By Matin Durrani
Skimming through the latest issue of CavMag – a glossy newsletter about the latest developments at the Cavendish Laboratory, Cambridge – I at first thought I had misread an article that stated: “In 1930, when I gratefully accepted a research studentship from Girton College…”
Marie Constable visiting the Cavendish Laboratory with director of development Malcolm Longair (right) and Geoffrey Constable (right)
In fact, it was not a misprint but part of a wonderful article by Marie Constable, a 101-year-old physicist who had done her PhD at the Cavendish back in the early 1930s.
Constable, who was writing all about her visit to the Cavendish in September last year to attend its Alumni Open Day, gave some marvellous insights into several legendary figures from physics.

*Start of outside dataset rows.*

(* Let $q,N_x,N_T,m\ge 1$ be integers and let $\Phi,\Phi_c\in\mathbb{C}^{qN_x\times qN_x}$. Assume there is a unitary matrix $F\in\mathbb{C}^{qN_x\times qN_x}$ such that $F^{-1}\Phi F=\mathrm{diag}(\widetilde\Phi_1,\dots,\widetilde\Phi_{N_x})$ and $F^{-1}\Phi_c F=\mathrm{diag}(\widetilde\Phi_{c,1},\dots,\widetilde\Phi_{c,N_x})$ are block diagonal with blocks $\widetilde\Phi_n,\widetilde\Phi_{c,n}\in\mathbb{C}^{q\times q}$. Assume further that for every $n=1,\dots,N_x$ there is an invertible $U_n\in\mathbb{C}^{q\times q}$ with $U_n^{-1}\widetilde\Phi_nU_n=\mathrm{diag}(\lambda_{n,1},\dots,\lambda_{n,q})$ and $U_n^{-1}\widetilde\Phi_{c,n}U_n=\mathrm{diag}(\mu_{n,1},\dots,\mu_{n,q})$, and that $|\mu_{n,l}|\neq 1$ for all $n,l$. Then the coarse-grid iteration matrices $E_\Delta^F=I-A_c^{-1}A_S$ and $E_\Delta^{FCF}=(I-A_c^{-1}A_S)(I-A_S)$ satisfy $$\|E_\Delta^F\|_2\le \max_{1\le n\le N_x}\Big\{\kappa(U_n)\max_{1\le l\le q}\Big\{|\lambda_{n,l}^m-\mu_{n,l}|\,\frac{1-|\mu_{n,l}|^{N_T}}{1-|\mu_{n,l}|}\Big\}\Big\}$$ and $$\|E_\Delta^{FCF}\|_2\le \max_{1\le n\le N_x}\Big\{\kappa(U_n)\max_{1\le l\le q}\Big\{|\lambda_{n,l}^m-\mu_{n,l}|\,|\lambda_{n,l}|^m\,\frac{1-|\mu_{n,l}|^{N_T-1}}{1-|\mu_{n,l}|}\Big\}\Big\},$$ where $\kappa(U_n)=\|U_n\|_2\|U_n^{-1}\|_2$.
   Context: For a square matrix $G$, write $\mathcal{B}_{N_T}(G)$ for the $(N_T+1)\times(N_T+1)$ block matrix (block rows/columns indexed $0,\dots,N_T$) with identity blocks on the diagonal, $-G$ on the first block subdiagonal, and zero elsewhere. The coarse-grid operator is $A_c=\mathcal{B}_{N_T}(\Phi_c)$ and the Schur-complement coarse-grid operator is $A_S=\mathcal{B}_{N_T}(\Phi^m)$; $I$ denotes the identity of the same size. $\|\cdot\|_2$ is the spectral norm. *)

From HB Require Import structures.
From mathcomp Require Import all_boot all_order all_algebra.
Set Implicit Arguments. Unset Strict Implicit. Unset Printing Implicit Defensive.
Import Order.TTheory GRing.Theory Num.Theory.
Local Open Scope ring_scope.

(* Decomposition of a flat index k : 'I_(m*n) into (block, inner) = (k / n, k mod n),
   inverse of mxvec_index (row-major / lexicographic order). *)
Definition idx_pair (m n : nat) (k : 'I_(m * n)) : 'I_m * 'I_n :=
  enum_val (cast_ord (esym (@mxvec_cast m n)) k).

Definition blkdiag (C : pzRingType) (N q : nat) (B : 'I_N -> 'M[C]_q) : 'M[C]_(N * q) :=
  \matrix_(a, b)
    (let (i, r) := idx_pair a in let (j, s) := idx_pair b in
     if i == j then B i r s else 0).

Definition blkbidiag (C : pzRingType) (NT d : nat) (G : 'M[C]_d) : 'M[C]_(NT.+1 * d) :=
  \matrix_(a, b)
    (let (i, r) := idx_pair a in let (j, s) := idx_pair b in
     if i == j then (r == s)%:R
     else if (i : nat) == (j : nat).+1 then - G r s else 0).

Definition adjmx (C : numClosedFieldType) (m n : nat) (A : 'M[C]_(m, n)) : 'M[C]_(n, m) :=
  (map_mx Num.conj A)^T.

Definition eigvals (C : numClosedFieldType) (n : nat) (A : 'M[C]_n) : seq C :=
  projT1 (closed_field_poly_normal (char_poly A)).

Definition opnorm2 (C : numClosedFieldType) (n : nat) (A : 'M[C]_n) : C :=
  sqrtC (\big[Num.max/0]_(z <- eigvals (adjmx A *m A)) `|z|).

Definition cond2 (C : numClosedFieldType) (n : nat) (U : 'M[C]_n) : C :=
  opnorm2 U * opnorm2 (invmx U).

From HB Require Import structures.
From mathcomp Require Import all_boot all_order all_algebra.
From mathcomp Require Import ring zify.
Import Order.TTheory GRing.Theory Num.Theory.
Set Implicit Arguments. Unset Strict Implicit. Unset Printing Implicit Defensive.
Local Open Scope ring_scope.

(* The argument has three ingredients.
   - Forward substitution in the block bidiagonal matrices [B_NT(G)] shows that
     [E^F = I - Ac^-1 AS] is a causal block Toeplitz operator with blocks
     [Phic^k (Phi^m - Phic)], and [E^FCF] one with blocks [Phic^k (Phi^m - Phic) Phi^m]
     (lemmas [blk_EF], [blk_EFCF]).
   - All these blocks lie in the commutative algebra [simdiag F U] of matrices
     sharing the eigenbasis of [F] and the [U n], where they act by their
     eigenvalues; conjugating by the isometry [F] and by [U n] reduces the operator
     to scalar causal convolutions, up to the factor [kappa(U n)].
   - Young's inequality [|g * w|_2 <= |g|_1 |w|_2] for causal convolutions (via the
     Schur test) bounds each scalar convolution; the [l^1] norms of the symbols are
     geometric sums, which give the closed forms of the theorem
     ([opnorm2_toeplitz], [EF_bound], [EFCF_bound]). *)

(* The diagonal entries of [d] are eigenvalues of [P^-1 diag(d) P]: the rows of
   [P] are eigenvectors. *)
Lemma eigenvalue_diag_conj (F : fieldType) n (P : 'M[F]_n) (d : 'rV[F]_n) i :
  P \in unitmx -> eigenvalue (invmx P *m diag_mx d *m P) (d 0 i).
Proof.
move=> Pu; apply/eigenvalueP; exists (delta_mx 0 i *m P).
  rewrite !mulmxA mulmxK // scalemxAl; congr (_ *m _).
  apply/matrixP => a b; rewrite mul_mx_diag !mxE ord1 eqxx /=.
  by case: (eqVneq b i) => [->|_]; rewrite ?mul1r ?mulr1 ?mul0r ?mulr0.
apply: contraTneq isT => /(congr1 (mulmx^~ (invmx P))) /=.
rewrite mulmxK // mul0mx => /matrixP /(_ 0 i).
by rewrite !mxE !eqxx => /eqP; rewrite oner_eq0.
Qed.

Lord Rutherford, she writes, was “a big, bluff and hearty New Zealander”, who was “friendly and helplful”. He would, apparently, make random visits around the lab to his research students, knocking loudly on their door before asking if they needed any help. It was Rutherford, she says, who also instituted the practice of the Cavendish afternoon tea break, serving tea and buns every Wednesday in the library.

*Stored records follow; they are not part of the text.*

(* Let $L$ be a distributive lattice with $|L|>1$. Then $L^*\setminus\{0\}$ is path connected, where $L^*\subseteq\mathbb R^L$ carries the product topology and $0$ denotes the constant zero homomorphism.
   Context: $L^*$ is the set of all lattice homomorphisms $x^*:L\to[-1,1]$, i.e. maps with $x^*(a\vee b)=\max\{x^*(a),x^*(b)\}$ and $x^*(a\wedge b)=\min\{x^*(a),x^*(b)\}$ for all $a,b\in L$; it is regarded as a subset of $\mathbb R^L$. *)

From HB Require Import structures.
From mathcomp Require Import all_boot all_order all_algebra.
From mathcomp Require Import all_classical all_reals all_analysis.
Set Implicit Arguments. Unset Strict Implicit. Unset Printing Implicit Defensive.
Import Order.TTheory GRing.Theory Num.Theory.
Import numFieldNormedType.Exports.
Local Open Scope classical_set_scope.
Local Open Scope ring_scope.

Definition lattice_dual (d : Order.disp_t) (L : latticeType d) (R : realType)
  : set (L -> R) :=
  [set x | (forall a : L, -1 <= x a <= 1) /\
           (forall a b : L, x (Order.join a b) = Num.max (x a) (x b)) /\
           (forall a b : L, x (Order.meet a b) = Num.min (x a) (x b))].

Definition path_connected_set (R : realType) (T : topologicalType) (A : set T) :=
  forall x y, A x -> A y ->
    exists f : R -> T, {within `[0, 1], continuous f} /\
      f 0 = x /\ f 1 = y /\ f @` `[0, 1] `<=` A.

(* A nonzero x in L^* takes a nonzero value x z; let c = +-1 be its sign.  The
   segment u |-> (1 - u) x + u c stays in L^*, because t |-> (1 - u) t + u c is
   nondecreasing and so commutes with max and min, and it never vanishes at z.
   Hence every nonzero x is joined to one of the constants 1, -1, and it remains
   to join these two.  Since L is distributive and nontrivial, a prime filter F
   separates two of its elements (Zorn); the homomorphism chi equal to 1 on F and
   to -1 off F takes both signs, so the same segments join chi to both 1 and -1. *)

From HB Require Import structures.
From mathcomp Require Import all_boot all_order all_algebra.
From mathcomp Require Import all_classical all_reals all_analysis.
From mathcomp Require Import lra.
Import Order.TTheory GRing.Theory Num.Theory.
Import numFieldNormedType.Exports.
Local Open Scope classical_set_scope.
Local Open Scope ring_scope.
Set Implicit Arguments.
Unset Strict Implicit.

Lemma continuous_within_comp {S T U : topologicalType} (A : set T)
    (g : S -> T) (f : T -> U) :
  (forall s, A (g s)) -> continuous g -> {within A, continuous f} ->
  continuous (f \o g).
Proof.
move=> gA cg /subspace_continuousP cf s.
have gW : g @ nbhs s --> within A (nbhs (g s)).
  move=> P /= /(cg s); rewrite !nbhs_simpl.
  by apply: (@filterS S (nbhs s)) => t /= /(_ (gA t)).
exact: cvg_trans (cvg_app f gW) (cf (g s) (gA s)).
Qed.

Lemma ptws_continuous {S V : topologicalType} {I : Type} (g : S -> {ptws I -> V}) :
  (forall i, continuous (fun s => g s i)) -> continuous g.
Proof.
move=> cg s; apply/cvg_sup => i.
exact: (continuous_comp_initial (cg i)).
Qed.

Section Clamp.
Variable R : realType.

Definition clamp01 (t : R) : R := Num.min 1 (Num.max 0 t).

Lemma clamp01_itv t : clamp01 t \in `[0, 1].
Proof.
by rewrite in_itv /= /clamp01 le_min ler01 le_max lexx ge_min lexx.
Qed.

Lemma clamp01_id t : t \in `[0, 1] -> clamp01 t = t.
Proof. by rewrite in_itv /= => /andP[t0 t1]; rewrite /clamp01 max_r // min_r. Qed.

Lemma clamp01_continuous : continuous clamp01.
Proof.
apply: min_fun_continuous; first exact: cst_continuous.
by apply: max_fun_continuous; [exact: cst_continuous|exact: (fun x => cvg_id)].
Qed.

End Clamp.

Section PathJoined.
Variables (R : realType) (T : topologicalType).
Implicit Types (A : set T) (x y z : T).

Definition path_joined A x y := exists f : R -> T,
  {within `[0, 1], continuous f} /\ f 0 = x /\ f 1 = y /\ f @` `[0, 1] `<=` A.

Lemma path_joinedP A x y : path_joined A x y <-> exists f : R -> T,
  continuous f /\ f 0 = x /\ f 1 = y /\ f @` `[0, 1] `<=` A.
Proof.
have i0 : (0 : R) \in `[0, 1] by rewrite in_itv /= lexx ler01.
have i1 : (1 : R) \in `[0, 1] by rewrite in_itv /= lexx ler01.
split=> -[f [cf [f0 [f1 fA]]]]; last first.
  by exists f; split; first exact: continuous_subspaceT.
exists (f \o @clamp01 R); split; last split; last split.
- by apply: continuous_within_comp cf; [exact: clamp01_itv|exact: clamp01_continuous].
- by rewrite /= clamp01_id.
- by rewrite /= clamp01_id.
- by move=> _ [t t01 <-]; rewrite /= clamp01_id //; apply: fA; exists t.
Qed.

Lemma path_joined_sym A x y : path_joined A x y -> path_joined A y x.
Proof.
move=> /path_joinedP[f [cf [f0 [f1 fA]]]]; apply/path_joinedP.
exists (f \o (fun t => 1 - t)); split; last split; last split.
- by move=> t; apply: continuous_comp (cf _); apply: cvgB; [exact: cvg_cst|exact: cvg_id].
- by rewrite /= subr0.
- by rewrite /= subrr.
- move=> _ [t /= /[!in_itv]/= /andP[t0 t1] <-]; apply: fA.
  by exists (1 - t) => //; rewrite /= in_itv /=; apply/andP; split; lra.
Qed.

Lemma path_joined_trans A x y z :
  path_joined A x y -> path_joined A y z -> path_joined A x z.
Proof.
move=> /path_joinedP[f [cf [f0 [f1 fA]]]] /path_joinedP[g [cg [g0 [g1 gA]]]].
apply/path_joinedP.
pose h t := if t <= 2^-1 then f (2 * t) else g (2 * t - 1).
have ch : continuous h.
  apply/continuous_subspace_setT.
  have -> : [set: R] = `]-oo, 2^-1] `|` `[2^-1, +oo[.
    apply/seteqP; split=> // t _; rewrite /= !in_itv /= andbT.
    by apply/orP; exact: le_total.
  apply: withinU_continuous; [exact: lray_closed|exact: rray_closed| |].
  - apply: (@subspace_eq_continuous _ _ _ (from_subspace _ (f \o *%R 2))).
      by move=> t; rewrite inE /= in_itv /= /from_subspace /h => ->.
    apply: continuous_subspaceT => t; apply: continuous_comp (cf _).
    by apply: cvgM; [exact: cvg_cst|exact: cvg_id].
  - apply: (@subspace_eq_continuous _ _ _ (from_subspace _ (g \o (fun t => 2 * t - 1)))).
      move=> t; rewrite inE /= in_itv /= andbT /from_subspace /h => ht.
      case: ifPn => // th; have -> : t = 2^-1 by apply: le_anti; rewrite th.
      by rewrite /= mulfV ?subrr ?g0 ?f1 // pnatr_eq0.
    apply: continuous_subspaceT => t; apply: continuous_comp (cg _).
    apply: cvgB; last exact: cvg_cst.
    by apply: cvgM; [exact: cvg_cst|exact: cvg_id].
exists h; split; last split; last split.
- exact: ch.
- by rewrite /h ifT ?invr_ge0 ?ler0n // mulr0.
- rewrite /h ifF; first by rewrite -g1; congr g; lra.
  by apply/negbTE; rewrite -ltNge; lra.
- move=> _ [t /= /[!in_itv]/= /andP[t0 t1] <-]; rewrite /h.
  case: ifPn => [th|]; last rewrite -ltNge => th.
    by apply: fA; exists (2 * t) => //; rewrite /= in_itv /=; apply/andP; split; lra.
  by apply: gA; exists (2 * t - 1) => //; rewrite /= in_itv /=; apply/andP; split; lra.
Qed.

End PathJoined.

Section LatticeFilters.
Variables (d : Order.disp_t) (L : latticeType d).
Implicit Types (F G : set L) (a b u v w : L).

Definition lattice_filter F :=
  (forall u v, F u -> (u <= v)%O -> F v) /\
  (forall u v, F u -> F v -> F (Order.meet u v)).

Definition prime_filter F :=
  lattice_filter F /\ forall u v, F (Order.join u v) -> F u \/ F v.

Lemma upset_filter a : lattice_filter [set v | (a <= v)%O].
Proof.
by split=> [u v au uv|u v au av]; [exact: le_trans uv|rewrite /= lexI au].
Qed.

Lemma bigcup_chain_filter (C : set (set L)) :
  (forall X, C X -> lattice_filter X) -> total_on C subset ->
  lattice_filter (\bigcup_(X in C) X).
Proof.
move=> Cfilter Ctot; split=> [u v [X CX Xu] uv|u v [X CX Xu] [Y CY Yv]].
  by exists X => //; have [upX _] := Cfilter X CX; exact: upX uv.
have [XY|YX] := Ctot X Y CX CY.
  by exists Y => //; have [_ mY] := Cfilter Y CY; exact: mY (XY _ Xu) Yv.
by exists X => //; have [_ mX] := Cfilter X CX; exact: mX Xu (YX _ Yv).
Qed.

(* [Zorn_bigcup] also covers the empty chain, whose union is the empty filter:
   hence the clause [F w -> F a] instead of [F a]. *)
Lemma maximal_filter_exists a b : ~ (a <= b)%O ->
  exists F, [/\ lattice_filter F, F a, ~ F b &
    forall G, lattice_filter G -> F `<=` G -> ~ G b -> G `<=` F].
Proof.
move=> nab.
pose P F := [/\ lattice_filter F, ~ F b & forall w, F w -> F a].
have [A [[Afilter nAb Aa] Amax]] : exists A, P A /\ forall B, A `<` B -> ~ P B.
  apply: Zorn_bigcup => C CP Ctot; split.
  - by apply: bigcup_chain_filter => // X /CP[].
  - by move=> [X /CP[_ nXb _] Xb].
  - move=> w [X CX Xw]; have [_ _ Xa] := CP X CX.
    by exists X => //; exact: Xa Xw.
have {}Aa : A a.
  apply: contrapT => nAa; apply: (Amax [set v | (a <= v)%O]).
  - split=> [w Aw|sub]; first by case: nAa; exact: Aa Aw.
    by apply: nAa; exact: sub a (lexx a).
  - by split=> // [|w _]; [exact: upset_filter|exact: lexx].
exists A; split=> // G Gfilter AG nGb; apply: contrapT => nGA.
by apply: (Amax G) => //; split=> // w _; exact: AG.
Qed.

Definition filter_adjoin F x := [set w | exists2 f, F f & (Order.meet f x <= w)%O].

Lemma filter_adjoin_filter F x :
  lattice_filter F -> lattice_filter (filter_adjoin F x).
Proof.
move=> [_ mF]; split=> [u v [f Ff fu] uv|u v [f Ff fu] [g Fg gv]].
  by exists f => //; exact: le_trans uv.
exists (Order.meet f g); first exact: mF.
rewrite lexI; apply/andP; split.
  by apply: le_trans fu; apply: leI2 => //; exact: leIl.
by apply: le_trans gv; apply: leI2 => //; exact: leIr.
Qed.

Lemma sub_filter_adjoin F x : F `<=` filter_adjoin F x.
Proof. by move=> f Ff; exists f => //; exact: leIl. Qed.

Lemma filter_adjoin_mem F x f : F f -> filter_adjoin F x x.
Proof. by move=> Ff; exists f => //; exact: leIr. Qed.

End LatticeFilters.

Section PrimeFilters.
Variables (d : Order.disp_t) (L : distrLatticeType d).
Implicit Types (F G : set L) (a b u v : L).

Lemma maximal_filter_prime F a b :
  lattice_filter F -> F a -> ~ F b ->
  (forall G, lattice_filter G -> F `<=` G -> ~ G b -> G `<=` F) ->
  forall u v, F (Order.join u v) -> F u \/ F v.
Proof.
move=> Ffilter Fa nFb Fmax u v Fuv; have [upF mF] := Ffilter.
apply: contrapT => /not_orP[nFu nFv].
have below_b x : ~ F x -> exists2 f, F f & (Order.meet f x <= b)%O.
  move=> nFx; apply: contrapT => nb; apply: nFx; apply: (Fmax (filter_adjoin F x)).
  - exact: filter_adjoin_filter.
  - exact: sub_filter_adjoin.
  - by move=> [f Ff fb]; apply: nb; exists f.
  - exact: filter_adjoin_mem Fa.
have [f Ff fu] := below_b u nFu; have [g Fg gv] := below_b v nFv.
apply: nFb; apply: (upF _ _ (mF _ _ (mF _ _ Ff Fg) Fuv)).
rewrite meetUr leUx; apply/andP; split.
  by apply: le_trans fu; apply: leI2 => //; exact: leIl.
by apply: le_trans gv; apply: leI2 => //; exact: leIr.
Qed.

Lemma prime_filter_separation a b : ~ (a <= b)%O ->
  exists F, [/\ prime_filter F, F a & ~ F b].
Proof.
move=> /maximal_filter_exists[F [Ffilter Fa nFb Fmax]].
by exists F; split=> //; split=> //; exact: maximal_filter_prime Fa nFb Fmax.
Qed.

End PrimeFilters.

Section Affine.
Variable R : realType.

Lemma maxr_affine (a b p q : R) : 0 <= a ->
  Num.max (a * p + b) (a * q + b) = a * Num.max p q + b.
Proof. by move=> a0; rewrite maxr_pMr // real_addr_maxl ?num_real. Qed.

Lemma minr_affine (a b p q : R) : 0 <= a ->
  Num.min (a * p + b) (a * q + b) = a * Num.min p q + b.
Proof. by move=> a0; rewrite minr_pMr // real_addr_minl ?num_real. Qed.

Lemma convex_comb_neq0 (c h u : R) :
  0 <= u <= 1 -> 0 < c * h -> (1 - u) * h + u * c != 0.
Proof.
move=> /andP[u0 u1] ch.
have c0 : c != 0 by apply: contraTneq ch => ->; rewrite mul0r ltxx.
have cc : 0 < c * c by rewrite -expr2 exprn_even_gt0.
have : 0 < c * ((1 - u) * h + u * c).
  rewrite mulrDr mulrCA [c * (u * c)]mulrCA.
  have [->|u_neq1] := eqVneq u 1; first by rewrite subrr mul0r add0r mul1r.
  have u_lt1 : u < 1 by rewrite lt_neqAle u_neq1 u1.
  by apply: ltr_pwDl; [rewrite mulr_gt0 // subr_gt0|rewrite mulr_ge0 // ltW].
by apply: contraTneq => ->; rewrite mulr0 ltxx.
Qed.

End Affine.

Section LatticeDual.
Variables (R : realType) (d : Order.disp_t) (L : latticeType d).
Implicit Types (chi h x : L -> R) (c u : R).

Local Notation dual := (@lattice_dual d L R).
Local Notation dual0 := (@setD {ptws L -> R} dual [set (fun _ : L => 0 : R)]).

Lemma lattice_dual_cst_segment h c u : dual h -> -1 <= c <= 1 -> 0 <= u <= 1 ->
  dual (fun z => (1 - u) * h z + u * c).
Proof.
move=> [hb [hj hm]] /andP[c0 c1] /andP[u0 u1]; split; [|split].
- by move=> z; have /andP[? ?] := hb z; apply/andP; split; nra.
- by move=> z w; rewrite hj maxr_affine // subr_ge0.
- by move=> z w; rewrite hm minr_affine // subr_ge0.
Qed.

Lemma path_joined_to_cst h c z : dual h -> -1 <= c <= 1 -> 0 < c * h z ->
  path_joined R dual0 h (fun _ => c).
Proof.
move=> hdual c11 chz; apply/path_joinedP.
exists (fun u z => (1 - u) * h z + u * c); split; last split; last split.
- apply: ptws_continuous => w u.
  apply: cvgD; apply: cvgM; try exact: cvg_cst; last exact: cvg_id.
  by apply: cvgB; [exact: cvg_cst|exact: cvg_id].
- by apply/funext => w; rewrite subr0 mul1r mul0r addr0.
- by apply/funext => w; rewrite subrr mul0r add0r mul1r.
- move=> _ [u /= /[!in_itv]/= u01 <-]; split.
    exact: lattice_dual_cst_segment.
  by move=> /(congr1 (fun f => f z))/eqP; apply/negP; exact: convex_comb_neq0.
Qed.

Lemma nonzero_dual_path_joined chi x a b :
  dual chi -> 0 < chi a -> chi b < 0 -> dual0 x -> path_joined R dual0 x chi.
Proof.
move=> chi_dual chi_a chi_b [x_dual x_neq0].
have [z xz_neq0] : exists z, x z != 0.
  apply: contrapT => x0; apply: x_neq0; apply/funext => z; apply/eqP.
  by apply: contrapT => xz; apply: x0; exists z; apply/negP.
have [c [c11 cxz [w cchi]]] :
    exists c : R, [/\ -1 <= c <= 1, 0 < c * x z & exists w, 0 < c * chi w].
  case: (ltrgtP (x z) 0) => [xz_lt0|xz_gt0|/eqP]; last by rewrite (negbTE xz_neq0).
    by exists (-1); split; [apply/andP; split; lra|lra|exists b; lra].
  by exists 1; split; [apply/andP; split; lra|lra|exists a; lra].
apply: path_joined_trans (path_joined_to_cst x_dual c11 cxz) _.
exact/path_joined_sym/(path_joined_to_cst chi_dual c11 cchi).
Qed.

End LatticeDual.

Section SignIndicator.
Variables (R : realType) (d : Order.disp_t) (L : latticeType d).

Definition sign_indicator (F : set L) : L -> R :=
  fun z => if `[< F z >] then 1 else -1.

Lemma prime_filter_sign_indicator F :
  prime_filter F -> lattice_dual (sign_indicator F).
Proof.
move=> [[upF mF] prF].
have Fjoin u v : `[< F (Order.join u v) >] = `[< F u >] || `[< F v >].
  rewrite -asbool_or; apply: asbool_equiv_eq; split=> [/prF //|[Fu|Fv]].
    exact: upF _ _ Fu (leUl _ _).
  exact: upF _ _ Fv (leUr _ _).
have Fmeet u v : `[< F (Order.meet u v) >] = `[< F u >] && `[< F v >].
  rewrite -asbool_and; apply: asbool_equiv_eq; split=> [Fuv|[Fu Fv]].
    by split; [exact: upF _ _ Fuv (leIl _ _)|exact: upF _ _ Fuv (leIr _ _)].
  exact: mF.
have N11 : (-1 : R) <= 1 by lra.
rewrite /sign_indicator; split; [|split] => u.
- by case: ifP => _; apply/andP; split; lra.
- move=> v; rewrite Fjoin; case: `[< F u >]; case: `[< F v >] => /=;
    by rewrite ?maxxx ?(max_l N11) ?(max_r N11).
- move=> v; rewrite Fmeet; case: `[< F u >]; case: `[< F v >] => /=;
    by rewrite ?minxx ?(min_l N11) ?(min_r N11).
Qed.

End SignIndicator.

Theorem mainTheorem10 (R : realType) (d : Order.disp_t) (L : distrLatticeType d) :
  (exists a b : L, a != b) ->
  path_connected_set R
    (@setD {ptws L -> R} (@lattice_dual d L R) [set (fun _ : L => 0 : R)]).
Proof.
move=> [a0 [b0 a0b0]].
have [a [b nab]] : exists a b : L, ~ (a <= b)%O.
  have [le_ab|/negP] := boolP (a0 <= b0)%O; last by exists a0, b0.
  by exists b0, a0 => le_ba; rewrite eq_le le_ab le_ba in a0b0.
have [F [Fprime Fa nFb]] := prime_filter_separation nab.
have chi_dual := prime_filter_sign_indicator R Fprime.
have chi_a : 0 < sign_indicator R F a by rewrite /sign_indicator asboolT.
have chi_b : sign_indicator R F b < 0 by rewrite /sign_indicator asboolF // ltrN10.
move=> x y Ax Ay.
apply: path_joined_trans (nonzero_dual_path_joined chi_dual chi_a chi_b Ax) _.
exact/path_joined_sym/(nonzero_dual_path_joined chi_dual chi_a chi_b Ay).
Qed.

James Chadwick, who discovered the neutron and was Rutherford’s effective second-in-command, is described as being “friendly and kind” although he had a reputation for not tolerating silly mistakes and could sometimes “get cross”.
Meanwhile, Constable recalls Patrick Blackett, another Nobel laureate who had served in the Royal Navy, as being “tall, handsome and helpful” and “a remarkable addition to the Cavendish staff”.

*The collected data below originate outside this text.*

Theorem proposition7p7 (alpha n : rat) (hn : n != 0) (P : ecpt) :
  on_curve alpha (- n ^+ 2) P -> ~ has_order alpha (- n ^+ 2) P 5.
Proof.
set b := - n ^+ 2 => onP ord; have [_ [P5 Pk]] := ord.
case: P onP ord P5 Pk => [[x y]|] onP ord P5 Pk; last exact: (Pk 1%N).
have y0 : y != 0 by apply/eqP => y0; apply: (Pk 2%N) => //; rewrite /= y0 addr0 eqxx.
(* 2P comes from the tangent at P, 3P and 4P from chords through P *)
have [l [m [x2 [hP tan e2]]]] := ec_double_tangent y0 onP.
have nx2 := has_order_x_neq (k := 2) ord y0 isT isT e2.
have [l3 [m3 [x3 [hP3 h23 ch3 e3]]]] := ec_add_chord nx2 onP (line_cuts_on_curve tan).
have {}e3 : ec_mul alpha b 3 (Some (x, y)) = Some (x3, - (l3 * x3 + m3)).
  by rewrite ec_mulS e2 e3.
have nx3 := has_order_x_neq (k := 3) ord y0 isT isT e3.
have [l4 [m4 [x4 [hP4 _ ch4 e4]]]] := ec_add_chord nx3 onP (line_cuts_on_curve ch3).
(* 5P = O forces x4 = x, so the chord through P and 3P is the tangent at P *)
have x4x : x4 = x.
  apply/esym/(ec_add_eq_none (y1 := y) (y2 := - (l4 * x4 + m4))).
  by rewrite -e4 -e3; exact: P5.
subst x4; have x32 := tangent_unique y0 hP4 hP (line_cuts_rot (line_cuts_rot ch4)) tan.
subst x3; have h2 : l * x2 + m = - (l3 * x2 + m3) by rewrite -h23 opprK.
have [r [s hb]] := order5_coefficient y0 hP hP3 h2 tan (line_cuts_rot ch3).
exact: neg_sqr_neq_order5_coefficient hn hb.
Qed.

Marie also once attended a lecture by Niels Bohr although, perhaps not surprisingly given his taciturnity, she says little about Paul Dirac, other than he “was often seen in the Cavendish and regularly attended the Wednesday afternoon tea-break”.
As for life at the Cavendish, it was apparently “serene and decent” and the atmosphere was “collaborative rather than adverserial”.
But despite being the only female graduate student at the Cavendish at the time, Constable says she did not encounter much discrimination. However, she admits that when she was an undergraduate, women had to sit at the front of the lecture room – “for fear their attention might be distracted by too much male proximity”. And she was later prevented from attending a workshop course for research students, forced to enrol instead at a local technical college instead.
Luckily that worshop experience proved handy and Marie carved out a career as a safety expert.
It’s a great little story and marvellous to see there are still living links with the glory days of Cambridge physics. The full article can be read at CavMag, which will be put online at this link shortly
“Afternoon tea and buns” – ah, if only I could convince my employer to revive such a noble tradition and replace the smorgasbord of health and stress surveys, quality reviews and professional development plans that seem to appear on a weekly basis. However, I shall aim to progress to Rutherford’s “personal tutor” modus operandi rather than my current Chadwick-stylee!
Lord means really tthat what Lord Rutherford did. He surved tea and buns means he surved his heart and tallent to the fellows.